Rude turned back to his drink as she gave the man the same smile she'd given him. His leather gloves creaked as they stretched taut over his knuckles.

Chelsea had never cared much for Midgar. She'd talked about leaving, about going somewhere where you could see the sky and trees would grow. He'd thought about inviting her to Costa. He'd thought about it a lot, at one point.

He'd never done anything about it, though. He'd figured out what she was long before he'd mustered up the courage to ask. Long before her cover was blown. He'd kept his mouth shut about that, too. Maybe he'd been hoping that sometime, somehow he'd get the chance to show her Costa after all.

Rude's jaw was beginning to hurt. He downed his beer in one go, and immediately ordered another.


Rude woke up with a throbbing head and the taste of ashes in his mouth. He wasn't sure why. He'd only had a couple of beers at the pub.

Well, two that he could remember. It got a bit hazy after that. Judging from the dull thudding inside his skull, his memory wasn't all that reliable.

Just like the rest of his mind.

His PHS informed him that it was almost eleven in the morning. He stumbled out of bed and into the shower. He didn't check if his shoes were still by the door, or if his gun was where he'd left it. He didn't look under his bed. He didn't want to know.

The rooms beside his were quiet. Cissnei had said something about going into town. He had no idea where Reno was. He didn't care to find out.

Rude headed south down the hallway, away from the foyer and far past their rooms, until he came to the door at its end. He pulled it open, and just like the day before, brilliant sunlight flooded his senses. He shut the door behind him and leaned back against it. Closing his eyes, he slid down to sit on the floor.

In this sunny greenhouse, surrounded by tenacious life and the scent of warm soil, Rude was firmly anchored in reality. Spectral spiders and shadowy figures didn't exist here, in the real world. They were all in his head, waiting there, ready to come crawling out of their hiding places as soon as the lights were dimmed. They had to be. Reno hadn't seen them, nor had Cissnei. Somewhere along the line, Rude's head had just gotten horribly fucked up.

Although... there was another possibility. The dead sought retribution from their killers. Tradition was very clear on that point, according to his mother. Everyone back home knew it was the price you paid for taking a life. Always, the dead would come to claim a piece of you in return.

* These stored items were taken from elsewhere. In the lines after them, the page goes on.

Lemma inf_often_pigeonhole (T : finType) (P : pred T) (p : nat -> T) :
  inf_often (fun j => P (p j)) -> exists x, P x /\ inf_often (fun j => p j = x).
Proof.
move=> infP; apply: NNPP => none.
have bound x : exists m, forall j, m < j -> p j = x -> ~ P x.
  apply: NNPP => unbounded; apply: none; exists x; split.
    by apply: NNPP => nPx; apply: unbounded; exists 0.
  move=> m; apply: NNPP => nj; apply: unbounded; exists m => j mj pj _.
  by apply: nj; exists j.
have [M M_bound] := ClassicalEpsilon.choice _ bound.
have [j [jM Pj]] := infP (\max_x M x).
exact: (M_bound (p j) j (leq_ltn_trans (leq_bigmax (p j)) jM) erefl Pj).
Qed.

Lemma eq_vsum d (vs vs' : nat -> vec d) n :
  (forall k, k < n -> vs k = vs' k) -> vsum vs n = vsum vs' n.
Proof.
by move=> E; apply: functional_extensionality => c; apply: eq_bigr => k _; rewrite E.
Qed.

Lemma vsum_zero_tail d (vs : nat -> vec d) i n : i <= n ->
  (forall k, i <= k < n -> vs k = (fun _ => 0)) -> vsum vs n = vsum vs i.
Proof.
move=> le_in vs0; apply: functional_extensionality => c.
rewrite /vsum -(subnKC le_in) big_split_ord /= [X in _ + X]big1 ?addn0 // => k _.
by rewrite vs0 // leq_addr /= -ltn_subRL.
Qed.

Lemma onth_map_iota (T : Type) (al : nat -> T) t k x :
  onth (map al (iota 0 t)) k = Some x <-> k < t /\ x = al k.
Proof.
have E : k < t -> onth (map al (iota 0 t)) k = Some (al k).
  by move=> kt; rewrite onthE -map_comp (nth_map 0) ?size_iota //= nth_iota.
split=> [Ek | [kt ->]]; last exact: E.
have := onthTE (map al (iota 0 t)) k; rewrite Ek size_map size_iota => /esym kt.
by move: Ek; rewrite E // => -[].
Qed.

Lemma concat_langP (Sigma : finType) (U : seq Sigma -> Prop)
    (W : (nat -> Sigma) -> Prop) al :
  concat_lang U W al <-> exists t, U (map al (iota 0 t)) /\ W (fun m => al (t + m)).
Proof.
split=> [[u [beta [Uu [Wbeta al_eq]]]] | [t [Ut Wt]]].
- exists (size u); split.
    suff -> : map al (iota 0 (size u)) = u by [].
    apply: (@eq_from_nth _ (beta 0)); rewrite size_map size_iota // => k ku.
    by rewrite (nth_map 0) ?size_iota // nth_iota // al_eq ku.
  suff -> : (fun m => al (size u + m)) = beta by [].
  by apply: functional_extensionality => m; rewrite al_eq ltnNge leq_addr addKn.
- exists (map al (iota 0 t)), (fun m => al (t + m)); do 2!split=> //.
  move=> k; rewrite size_map size_iota; case: ltnP => kt.
    by rewrite (nth_map 0) ?size_iota // nth_iota.
  by rewrite subnKC.
Qed.

Lemma flatten_segments (T : Type) (beta : nat -> T) (J : nat -> nat) n :
  J 0 = 0 -> (forall k, J k <= J k.+1) ->
  flatten [seq map beta (iota (J k) (J k.+1 - J k)) | k <- iota 0 n] =
  map beta (iota 0 (J n)).
Proof.
move=> J0 Jmono; elim: n => [|n IH]; first by rewrite J0.
rewrite -[in iota 0 n.+1]addn1 iotaD map_cat flatten_cat IH /= cats0.
by rewrite -map_cat -{2}[J n]add0n -iotaD subnKC.
Qed.

Lemma omega_langP (Sigma : finType) (V : seq Sigma -> Prop) beta :
  omega_lang V beta <-> exists J : nat -> nat,
    [/\ J 0 = 0, forall k, J k < J k.+1
      & forall k, V (map beta (iota (J k) (J k.+1 - J k)))].
Proof.
split=> [[ws [Vws pre]] | [J [J0 J_lt VJ]]].
- pose J k := size (flatten (map ws (iota 0 k))).
  have flattenS k : flatten (map ws (iota 0 k.+1)) = flatten (map ws (iota 0 k)) ++ ws k.
    by rewrite -addn1 iotaD map_cat flatten_cat /= cats0.
  have JS k : J k.+1 = J k + size (ws k) by rewrite /J flattenS size_cat.
  have ws_segment k : ws k = map beta (iota (J k) (size (ws k))).
    have := pre k.+1; cbv zeta; rewrite flattenS size_cat iotaD map_cat add0n.
    move/eqP; rewrite eqseq_cat; last by rewrite size_map size_iota.
    by case/andP=> _ /eqP.
  exists J; split=> // k.
    by rewrite JS -addn1 leq_add2l lt0n size_eq0; case: (Vws k) => _ /eqP.
  by rewrite JS addKn -ws_segment; case: (Vws k).
- exists (fun k => map beta (iota (J k) (J k.+1 - J k))); split.
    move=> k; split=> //; apply/eqP; rewrite -size_eq0 size_map size_iota.
    by rewrite -lt0n subn_gt0.
  by move=> n /=; rewrite flatten_segments // ?size_map ?size_iota // => k; apply: ltnW.
Qed.

Section Blocks.
Variable J : nat -> nat.
Hypotheses (J0 : J 0 = 0) (J_lt : forall k, J k < J k.+1).

Fixpoint block (m : nat) : nat :=
  if m is m'.+1 then (if m < J (block m').+1 then block m' else (block m').+1) else 0.

Lemma blockP m : J (block m) <= m < J (block m).+1.
Proof.
elim: m => [|m IH] /=; first by have := J_lt 0; rewrite J0.
have := J_lt (block m).+1; case: ifP => H; lia.
Qed.

Lemma block_J k : block (J k) = k.
Proof.
have := blockP (J k); case: (ltngtP (block (J k)) k) => // [lt_bk | lt_kb].
- have := homo_leq leqnn leq_trans (fun i => ltnW (J_lt i)) lt_bk; lia.
- have := homo_ltn ltn_trans J_lt lt_kb; lia.
Qed.

End Blocks.

Section Loops.
Variables (Sigma : finType) (S : Type) (step : S -> Sigma -> S -> Prop).

Fixpoint reach (q : S) (w : seq Sigma) (q' : S) : Prop :=
  if w is a :: w' then exists m, step q a m /\ reach m w' q' else q = q'.

Lemma reach_segmentP (beta : nat -> Sigma) a n q q' :
  reach q (map beta (iota a n)) q' <-> exists rho : nat -> S,
    [/\ rho 0 = q, rho n = q' & forall j, j < n -> step (rho j) (beta (a + j)) (rho j.+1)].
Proof.
elim: n a q => [|n IH] a q /=.
  by split=> [<-|[rho [<- <- _]]] //; exists (fun _ => q).
split=> [[m [qm /IH [rho [rho0 rhon rho_step]]]] | [rho [rho0 rhon rho_step]]].
- exists (fun j => if j is j'.+1 then rho j' else q); split=> //.
  case=> [_|j jn] /=; first by rewrite addn0 rho0.
  by rewrite -addSnnS; apply: rho_step.
- exists (rho 1); split; first by rewrite -rho0 -[a]addn0; apply: rho_step.
  apply/IH; exists (fun j => rho j.+1); split=> // j jn.
  by rewrite addSnnS; apply: rho_step.
Qed.

Lemma omega_loopsP (V : seq Sigma -> Prop) q : (forall w, V w <-> reach q w q) ->
  forall beta, omega_lang V beta <-> exists rho : nat -> S,
    [/\ rho 0 = q, forall m, step (rho m) (beta m) (rho m.+1) & inf_often (fun j => rho j = q)].
Proof.
move=> VP beta; rewrite omega_langP; split=> [[J [J0 J_lt VJ]] | [rho [rho0 rho_step rho_rec]]].
- have loops k := (reach_segmentP _ _ _ _ _).1 ((VP _).1 (VJ k)).
  have [R R_loop] := ClassicalEpsilon.choice _ loops.
  exists (fun m => R (block J m) (m - J (block J m))); split.
  + by rewrite /= J0; case: (R_loop 0).
  + move=> m /=; have := blockP J0 J_lt m; set b := block J m => bm.
    case: (R_loop b) => _ Rend Rstep; case: ifP => [lt_mb | ge_mb].
      by have := Rstep (m - J b) ltac:(lia); rewrite subnKC ?subSn //; case/andP: bm.
    case: (R_loop b.+1) => Rstart _ _; have -> : m.+1 - J b.+1 = 0 by lia.
    rewrite Rstart -Rend (_ : J b.+1 - J b = (m - J b).+1); last by lia.
    by have := Rstep (m - J b) ltac:(lia); rewrite subnKC //; case/andP: bm.
  + move=> m; exists (J (block J m).+1); split; first by have := blockP J0 J_lt m; lia.
    by rewrite block_J // subnn; case: (R_loop (block J m).+1).
- have [g g_next] := ClassicalEpsilon.choice _ rho_rec.
  pose J k := iter k g 0.
  have J_lt k : J k < J k.+1 by case: (g_next (J k)).
  have rhoJ k : rho (J k) = q by case: k => [|k] //; case: (g_next (J k)).
  exists J; split=> // k; apply/VP/reach_segmentP.
  exists (fun j => rho (J k + j)); split; rewrite ?addn0 ?subnKC ?rhoJ ?(ltnW (J_lt k)) //.
  by move=> j _; rewrite addnS.
Qed.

Could the dead claim your sanity? Because Rude was indeed a murderer, still waiting for his debt to be claimed.

It wasn't as if he'd signed up to be one. He'd known taking lives was a possibility, perhaps even a certainty. The first death to mar his conscience had come before the Turks, anyway. An opponent in the ring; an unfortunate accident, one that just happened to draw Veld's eye.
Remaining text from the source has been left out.